Cultura | Dal numero

Vita e opere di una creator napoletana

Si chiama Rita De Crescenzo e con quasi un milione di follower è la star assoluta del TikTok napoletano. Tra balletti, litigi e tentativi di entrare al Grande Fratello, la sua epopea ricorda quella del personaggio di un film di Garrone.

di Gianluca Nativo

Questo è uno degli articoli raccolti nel numero speciale di Rivista Studio, tutto dedicato all’app cinese di proprietà di ByteDance, una piattaforma che in due anni sembra essersi evoluta più velocemente di quanto abbia fatto Instagram negli ultimi dieci. Per scoprire il resto del numero, con saggi, interviste, reportage e approfondimenti su come TikTok sta cambiando il senso della bellezza e del desiderio, la musica, la moda, la cultura pop e in generale il nostro modo di stare su internet, puoi trovarci in edicola o comprare una copia qui.

Più o meno dieci anni fa vinceva il Grand Prix di Cannes un film di Garrone, Reality. La storia di un pescivendolo in un anonimo ma evocativo rione di Napoli che, dopo aver superato un primo provino per il Grande Fratello, assapora la celebrità, scorge un orizzonte di successo ed emancipazione e da allora non torna più indietro. Ossessionato dalla vita all’interno della Casa –dell’esito del suo provino non se ne saprà più nulla – nella scena finale si intrufola in veste di mariuolo negli studi del programma alla ricerca di un accesso possibile nel mondo dello spettacolo.

Dieci anni dopo si ripete la stessa scena, ma su altri schermi.
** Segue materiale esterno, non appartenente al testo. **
(* Hence for large m only t itself maps mass into t^m(X): the preimage of t^m(X)
   under any other tau_I lies outside a fixed neighbourhood of X, so is null. *)
Lemma other_branches_null : exists n0, forall m, (n0 <= m)%nat ->
  forall I, In I (words N k) -> tw I <> t ->
  mu (preimage (tw I) (image (Nat.iter m t) X)) = 0.
Proof.
  destruct other_branches_separated as [eps [Heps Hsep]].
  set (K := mat_norm1 Rinv ^ k).
  assert (HK : 0 <= K) by apply pow_le, mat_norm1_nonneg.
  set (delta := eps / (2 * (K + 1))).
  assert (Hdelta : 0 < delta) by (unfold delta; apply Rdiv_lt_0_compat; lra).
  assert (HKdelta : K * delta <= eps / 2).
  { unfold delta. apply Rle_trans with ((K + 1) * (eps / (2 * (K + 1)))).
    - apply Rmult_le_compat_r; [left; exact Hdelta | lra].
    - right. field. lra. }
  destruct (powers_approach_fixed_point (eps / 2) ltac:(lra)) as [n0 Hn0].
  exists n0. intros m Hm I HI Hne.
  apply (mu_null_subset d mu Hmu _ (fun x => ~ nbhd X delta x)).
  - apply borel_preimage. apply tau_word_continuous. apply power_image_borel.
  - apply borel_compl, borel_open, open_nbhd.
  - intros x [y' [Hy' Hx]] [y [Hy Hxy]].
    assert (H1 : norm1 (vsub (tw I x) xs) < eps / 2) by (rewrite Hx; apply Hn0; auto).
    assert (H2 : eps <= norm1 (vsub (tw I y) xs)).
    { apply (Hsep I); auto. exists y. auto. }
    assert (H3 : norm1 (vsub (tw I y) (tw I x)) <= K * delta).
    { apply words_spec in HI. destruct HI as [HL _].
      rewrite tau_word_sub, HL. eapply Rle_trans. apply iterate_norm1_le.
      rewrite norm1_sym. apply Rmult_le_compat_l; lra. }
    pose proof (norm1_triang d (tw I y) (tw I x) xs). lra.
  - apply measure_near_attractor; auto.
Qed.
La star di TikTok Napoli Rita De Crescenzo annuncia ai suoi follower – più di seicentomila, anzi si sfiora il milione se contiamo quelli sparsi in altri profili a suo nome (prerogativa di molti simili personaggi è spalmare in modo scoordinato flussi di seguaci su diversi account che aprono e chiudono o affidano a parenti) – di trovarsi a Roma, a caccia di Alfonso Signorini. È decisa a convincerlo, lei deve entrare nella Casa (in qualità di Vip, questo il prerequisito delle ultime stagioni dello show), e per farcela è disposta ad aspettare «Alfonso» all’uscita degli studi. Nell’infinito palinsesto di TikTok addirittura compare un video in cui la nostra è riuscita a infilarsi tra il pubblico della puntata – qualcuno, nei commenti indignati al video, crede davvero che ce l’abbia fatta a entrare nella Casa – e durante una pausa delle registrazioni si esibisce al microfono in uno dei suoi tormentoni di cui si parlerà più avanti. E non c’è dubbio, è di nuovo Garrone.
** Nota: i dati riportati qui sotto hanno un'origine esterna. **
Lemma sumR_minkowski {A} (f g : A -> R) l :
  sqrt ((sumR (map f l)) ^ 2 + (sumR (map g l)) ^ 2)
  <= sumR (map (fun x => sqrt (f x ^ 2 + g x ^ 2)) l).
Proof.
  induction l as [|a l IH]; cbn [map sumR]; [apply sqrt_le_of_le_sq; nra|].
  set (F := sumR (map f l)) in *. set (G := sumR (map g l)) in *.
  set (r := sqrt (f a ^ 2 + g a ^ 2)). set (R0 := sqrt (F ^ 2 + G ^ 2)) in *.
  enough (sqrt ((f a + F) ^ 2 + (g a + G) ^ 2) <= r + R0) by lra.
  pose proof (sqrt_pos (f a ^ 2 + g a ^ 2)). pose proof (sqrt_pos (F ^ 2 + G ^ 2)).
  apply sqrt_le_of_le_sq; [unfold r, R0 in *; lra|].
  pose proof (sqrt_cauchy (f a) (g a) F G) as hcs. unfold Rsqr in hcs.
  assert (hr : r ^ 2 = f a ^ 2 + g a ^ 2) by (apply pow2_sqrt; nra).
  assert (hR : R0 ^ 2 = F ^ 2 + G ^ 2) by (apply pow2_sqrt; nra).
  replace (f a * f a + g a * g a) with (f a ^ 2 + g a ^ 2) in hcs by ring.
  replace (F * F + G * G) with (F ^ 2 + G ^ 2) in hcs by ring.
  fold r R0 in hcs. nra.
Qed.

Lemma lincomb_zeros ps : lincomb (map (fun _ => 0) ps) ps = vzero.
Proof. induction ps; simpl; auto. rewrite IHps. vec_eq. Qed.

Lemma conv_In ps x : In x ps -> conv ps x.
Proof.
  induction ps as [|a ps IH]; simpl; intros H; [contradiction|].
  destruct H as [<-|H].
  - exists (1 :: map (fun _ => 0) ps). repeat split.
    + simpl. rewrite length_map. reflexivity.
    + constructor; [lra|]. apply Forall_forall. intros y hy.
      apply in_map_iff in hy. destruct hy as [? [<- _]]. lra.
    + simpl. enough (sumR (map (fun _ => 0) ps) = 0) by lra.
      clear IH; induction ps; simpl; lra.
    + simpl. rewrite lincomb_zeros. vec_eq.
  - destruct (IH H) as [ls [h1 [h2 [h3 h4]]]].
    exists (0 :: ls). repeat split; simpl; auto; try lra.
    + constructor; auto; lra.
    + rewrite <- h4. vec_eq.
Qed.

Lemma lincomb_dist_le ls ps c M :
  length ls = length ps -> Forall (fun l => 0 <= l) ls ->
  (forall w, In w ps -> norm (vsub w c) <= M) ->
  norm (vsub (lincomb ls ps) (vscale (sumR ls) c)) <= sumR ls * M.
Proof.
  revert ls. induction ps as [|p ps IH]; intros ls hlen hnn hM;
    destruct ls as [|l ls]; simpl in hlen; try discriminate.
  - simpl. replace (vsub vzero (vscale 0 c)) with (vsub vzero vzero) by vec_eq.
    rewrite norm_subvv. lra.
  - inversion hnn; subst. cbn [lincomb sumR].
    replace (vsub (vadd (vscale l p) (lincomb ls ps)) (vscale (l + sumR ls) c))
      with (vadd (vscale l (vsub p c)) (vsub (lincomb ls ps) (vscale (sumR ls) c))) by vec_eq.
    eapply Rle_trans; [apply norm_add_le|]. rewrite norm_scale, Rabs_pos_eq by auto.
    pose proof (hM p (or_introl eq_refl)).
    pose proof (IH ls ltac:(lia) ltac:(assumption) (fun w hw => hM w (or_intror hw))).
    nra.
Qed.

Lemma conv_dist_le ps x c M :
  conv ps x -> (forall w, In w ps -> norm (vsub w c) <= M) -> norm (vsub x c) <= M.
Proof.
  intros [ls [h1 [h2 [h3 ->]]]] hM.
  pose proof (lincomb_dist_le ls ps c M h1 h2 hM) as h. rewrite h3 in h.
  replace (vscale 1 c) with c in h by vec_eq. lra.
Qed.

Section Polygon.

Variable L : list vec.
Hypothesis L_nonempty : (0 < length L)%nat.

Lemma cyc_In i : In (cyc L i) L.
Proof. apply nth_In, Nat.mod_upper_bound. lia. Qed.

Lemma cyc_length : cyc L (length L) = cyc L 0.
Proof. unfold cyc. rewrite Nat.Div0.mod_same, Nat.Div0.mod_0_l. reflexivity. Qed.

Lemma cyc_small i : (i < length L)%nat -> cyc L i = nth i L vzero.
Proof. intros. unfold cyc. rewrite Nat.mod_small; auto. Qed.

Definition edge_length i := norm (vsub (cyc L (S i)) (cyc L i)).

Definition perimeter := sumR (map edge_length (seq 0 (length L))).

Lemma chord_le_path a m :
  norm (vsub (cyc L (a + m)) (cyc L a)) <= sumR (map edge_length (seq a m)).
Proof.
  induction m.
  - rewrite Nat.add_0_r, norm_subvv. simpl. lra.
  - rewrite seq_S, map_app, sumR_app. simpl.
    eapply Rle_trans; [apply (norm_sub_triangle _ (cyc L (a + m)))|].
    rewrite Nat.add_succ_r. unfold edge_length at 2. lra.
Qed.

Lemma chord_le_half_perimeter i j :
  (i <= j <= length L)%nat -> 2 * norm (vsub (cyc L j) (cyc L i)) <= perimeter.
Proof.
  intros hij. unfold perimeter.
  replace (length L) with (i + ((j - i) + (length L - j)))%nat by lia.
  rewrite !seq_app, !map_app, !sumR_app.
  pose proof (chord_le_path 0 i) as h1.
  pose proof (chord_le_path i (j - i)) as h2.
  pose proof (chord_le_path j (length L - j)) as h3.
  replace (0 + i)%nat with i in * by lia.
  replace (i + (j - i))%nat with j in * by lia.
  replace (j + (length L - j))%nat with (length L) in * by lia.
  rewrite cyc_length in h3.
  pose proof (norm_sub_triangle (cyc L i) (cyc L 0) (cyc L j)).
  rewrite (norm_subC (cyc L i) (cyc L j)) in *.
  lra.
Qed.

Lemma vertex_dist_le_half_perimeter w w' :
  In w L -> In w' L -> 2 * norm (vsub w w') <= perimeter.
Proof.
  intros h h'.
  destruct (In_nth L w vzero h) as [k [hk <-]].
  destruct (In_nth L w' vzero h') as [k' [hk' <-]].
  rewrite <- !cyc_small by auto.
  destruct (Nat.le_ge_cases k' k).
  - apply chord_le_half_perimeter. lia.
  - rewrite norm_subC. apply chord_le_half_perimeter. lia.
Qed.

Lemma conv_dist_le_half_perimeter x y :
  conv L x -> conv L y -> 2 * norm (vsub x y) <= perimeter.
Proof.
  intros hx hy.
  enough (norm (vsub x y) <= perimeter / 2) by lra.
  apply (conv_dist_le L x y); auto. intros w hw.
  rewrite norm_subC. apply (conv_dist_le L y w); auto. intros w' hw'.
  pose proof (vertex_dist_le_half_perimeter w' w hw' hw). lra.
Qed.

End Polygon.

Definition fan_det v1 L i := det3 (cyc L i) (cyc L (S i)) v1.

Definition sum_abs_fan_det v1 L := sumR (map (fun i => Rabs (fan_det v1 L i)) (seq 0 (length L))).

Lemma det3_fan_shift a b c v :
  det3 a b v = det3 (vsub b a) (vsub c a) v + (det3 c b v - det3 c a v).
Proof. vec_ring. Qed.

Lemma det3_vsubvv_r x a v : det3 x (vsub a a) v = 0.
Proof. vec_ring. Qed.

Lemma det3_diag x v : det3 x x v = 0.
Proof. vec_ring. Qed.

(* The signed fan sum does not depend on the apex, so it equals the fan sum from
   the vertex w_0, whose terms are all nonnegative by strict convexity. *)
Lemma sum_fan_det_pos v1 X L :
  vertex_cycle v1 X L -> 0 < sumR (map (fan_det v1 L) (seq 0 (length L))).
Proof.
  intros [hn [_ [hconvex _]]].
  set (n := length L) in *. set (c := cyc L 0).
  set (g := fun i => det3 (vsub (cyc L (S i)) (cyc L i)) (vsub c (cyc L i)) v1).
  set (h := fun i => det3 c (cyc L i) v1).
  rewrite (sumR_map_ext _ (fun i => g i + (h (S i) - h i))).
  2:{ intros i _. apply det3_fan_shift. }
  rewrite sumR_map_add, sumR_telescope.
  assert (hh : h n = h 0%nat) by (unfold h, n; rewrite cyc_length by lia; reflexivity).
  assert (hg0 : forall i, In i (seq 0 n) -> 0 <= g i).
  { intros i hi. apply in_seq in hi.
    destruct (Nat.eq_dec i 0) as [->|]; [unfold g, c; rewrite det3_vsubvv_r; lra|].
    destruct (Nat.eq_dec (S i) n) as [e|].
    - unfold g. rewrite e. unfold n. rewrite cyc_length by lia. rewrite det3_diag. lra.
    - left. apply hconvex; fold n; rewrite ?Nat.mod_small; lia. }
  assert (hg1 : 0 < g 1%nat) by (apply hconvex; fold n; rewrite ?Nat.mod_small; lia).
  pose proof (sumR_map_ge_In g (seq 0 n) 1%nat hg0 ltac:(apply in_seq; lia)).
  lra.
Qed.

Lemma sum_abs_fan_det_pos v1 X L : vertex_cycle v1 X L -> 0 < sum_abs_fan_det v1 L.
Proof.
  intros hL. eapply Rlt_le_trans; [apply (sum_fan_det_pos v1 X L hL)|].
  apply sumR_map_le. intros. apply Rle_abs.
Qed.

Lemma dot_cross_cross_orth a b v :
  dot a v = 0 -> dot b v = 0 -> dot v v = 1 -> dot (cross a b) (cross a b) = (det3 a b v) ^ 2.
Proof.
  intros ha hb hv.
  pose proof (dot_cross_cross (cross a b) v) as h.
  replace (cross (cross a b) v) with (vsub (vscale (dot a v) b) (vscale (dot b v) a)) in h
    by vec_eq.
  rewrite ha, hb, hv in h.
  replace (det3 a b v) with (dot (cross a b) v) by vec_ring.
  replace (dot (vsub (vscale 0 b) (vscale 0 a)) (vsub (vscale 0 b) (vscale 0 a))) with 0 in h
    by vec_ring.
  lra.
Qed.

Lemma tri_area_apex a b v :
  dot a v = 0 -> dot b v = 0 -> dot v v = 1 ->
  tri_area a b v = / 2 * sqrt (norm (vsub b a) ^ 2 + (det3 a b v) ^ 2).
Proof.
  intros ha hb hv. unfold tri_area, norm at 1. rewrite norm_sq, dot_cross_cross.
  rewrite <- (dot_cross_cross_orth a b v ha hb hv).
  replace (dot (vsub v a) (vsub v a)) with (dot v v - 2 * dot a v + dot a a) by vec_ring.
  replace (dot (vsub b a) (vsub v a)) with (dot b v - dot a v - dot (vsub b a) a) by vec_ring.
  replace (dot (cross a b) (cross a b)) with (dot (cross (vsub b a) a) (cross (vsub b a) a))
    by vec_ring.
  rewrite ha, hb, hv, dot_cross_cross. f_equal. f_equal. ring.
Qed.

Lemma facet_pair_area a b v :
  dot a v = 0 -> dot b v = 0 -> dot v v = 1 ->
  tri_area a b v + tri_area a b (vopp v) = sqrt (norm (vsub b a) ^ 2 + (det3 a b v) ^ 2).
Proof.
  intros ha hb hv.
  assert (hopp : forall u, dot u (vopp v) = - dot u v) by (intros; vec_ring).
  assert (hvv : dot (vopp v) (vopp v) = dot v v) by vec_ring.
  rewrite !tri_area_apex; rewrite ?hvv, ?hopp; try lra.
  replace (det3 a b (vopp v)) with (- det3 a b v) by vec_ring.
  replace ((- det3 a b v) ^ 2) with (det3 a b v ^ 2) by ring.
  field.
Qed.

Lemma bipyr_surface_ge v1 L :
  dot v1 v1 = 1 -> (0 < length L)%nat -> Forall (fun w => dot w v1 = 0) L ->
  sqrt (perimeter L ^ 2 + sum_abs_fan_det v1 L ^ 2) <= bipyr_surface v1 L.
Proof.
  intros hv hn hL. rewrite Forall_forall in hL.
  eapply Rle_trans; [apply sumR_minkowski|]. right. apply sumR_map_ext. intros i _.
  rewrite facet_pair_area by auto using cyc_In.
  unfold edge_length, fan_det. rewrite pow2_abs. reflexivity.
Qed.

Lemma bipyr_volume_eq v1 L : bipyr_volume v1 L = sum_abs_fan_det v1 L / 3.
Proof.
  unfold bipyr_volume, sum_abs_fan_det. rewrite <- sumR_map_div. apply sumR_map_ext.
  intros i _. replace (det3 (cyc L i) (cyc L (S i)) (vopp v1)) with (- fan_det v1 L i) by
    (unfold fan_det; vec_ring).
  rewrite Rabs_Ropp. unfold fan_det. field.
Qed.

Lemma bipyr_ratio_ge v1 X L v :
  norm v1 = 1 -> vertex_cycle v1 X L -> X vzero -> X v ->
  36 * norm v <= bipyr_surface v1 L ^ 3 / bipyr_volume v1 L ^ 2.
Proof.
  intros hv1 hL h0 hv.
  assert (hv1' : dot v1 v1 = 1) by (rewrite <- norm_sq, hv1; ring).
  pose proof (sum_abs_fan_det_pos v1 X L hL) as hD.
  destruct hL as [hn [horth [_ hX]]].
  set (p := perimeter L). set (D := sum_abs_fan_det v1 L) in *.
  assert (hp : 2 * norm v <= p).
  { rewrite <- norm_sub0. apply conv_dist_le_half_perimeter; [lia | apply hX; auto ..]. }
  pose proof (bipyr_surface_ge v1 L hv1' ltac:(lia) horth) as hS. fold p D in hS.
  pose proof (cube_sqrt_sum_sq_ge p D ltac:(pose proof (norm_ge0 v); lra) hD) as hcube.
  rewrite bipyr_volume_eq.
  apply Rle_trans with (18 * p); [lra|].
  replace (18 * p) with (2 * p * D ^ 2 / (D / 3) ^ 2) by (field; lra).
  assert (hV : 0 < (D / 3) ^ 2) by (apply pow_lt; lra).
  apply Rmult_le_compat_r; [apply Rlt_le, Rinv_0_lt_compat, hV|].
  eapply Rle_trans; [apply hcube|]. apply pow_incr. split; [apply sqrt_pos | exact hS].
Qed.

Theorem mainTheorem9 (v1 v3 v4 v5 v6 : vec) :
  strange_polytope v1 v3 v4 v5 v6 ->
  forall L : list vec, vertex_cycle v1 (baseQ v3 v4 v5 v6) L ->
  (Exists (fun v => 13 / 2 <= norm v) [v3; v4; v5; v6] ->
     bipyr_surface v1 L ^ 3 / bipyr_volume v1 L ^ 2 > 188) /\
  (Exists (fun v => 17 <= norm v) [v3; v4; v5; v6] ->
     bipyr_surface v1 L ^ 3 / bipyr_volume v1 L ^ 2 > 344).
Proof.
  intros [hv1 _] L hL.
  assert (hratio : forall v, In v [v3; v4; v5; v6] ->
            36 * norm v <= bipyr_surface v1 L ^ 3 / bipyr_volume v1 L ^ 2).
  { intros v hv. apply (bipyr_ratio_ge v1 (baseQ v3 v4 v5 v6)); auto;
      apply conv_In; simpl; auto. }
  split; intros hE; apply Exists_exists in hE; destruct hE as [v [hin hK]];
    pose proof (hratio v hin); lra.
Qed.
L’hashtag TikTok Napoli costituisce un unicum per il social cinese, che dai suoi esordi sotto il nome di Musical.ly si propone di intrattenere (ipnotizzare) i più giovani a suon di jingle e balletti. Strano a dirsi ma a Napoli si balla poco, mentre invece si racconta molto. Per i più voyeuristi, come chi scrive, è impossibile non insistere in maniera morbosa sulla possibilità di vedere cosa accade nei bassi più imprevedibili, in famiglie che in strada sei stato educato a evitare. Crescere a Napoli significa da sempre assistere a un racconto parallelo alle nostre vite, quasi sempre più vivace, drammatico, folkloristico, vero, a volte rimosso, che quasi mai ci coinvolge in prima persona anche se il proiettile vagante, lo scippo, il catcalling, la vaiassa in sella al motorino, sono sfilate davanti ai nostri occhi pochi minuti prima. Ignorare questo racconto è privilegio di pochi, abitanti di quartieri asserragliati su alte colline dove le voci sguaiate del trash arrivano remote. Per tutti gli altri napoletani, che vivono una mediocritas poco conosciuta, l’attrazione per il basso, per il trash, è congenita. O forse solo sadica.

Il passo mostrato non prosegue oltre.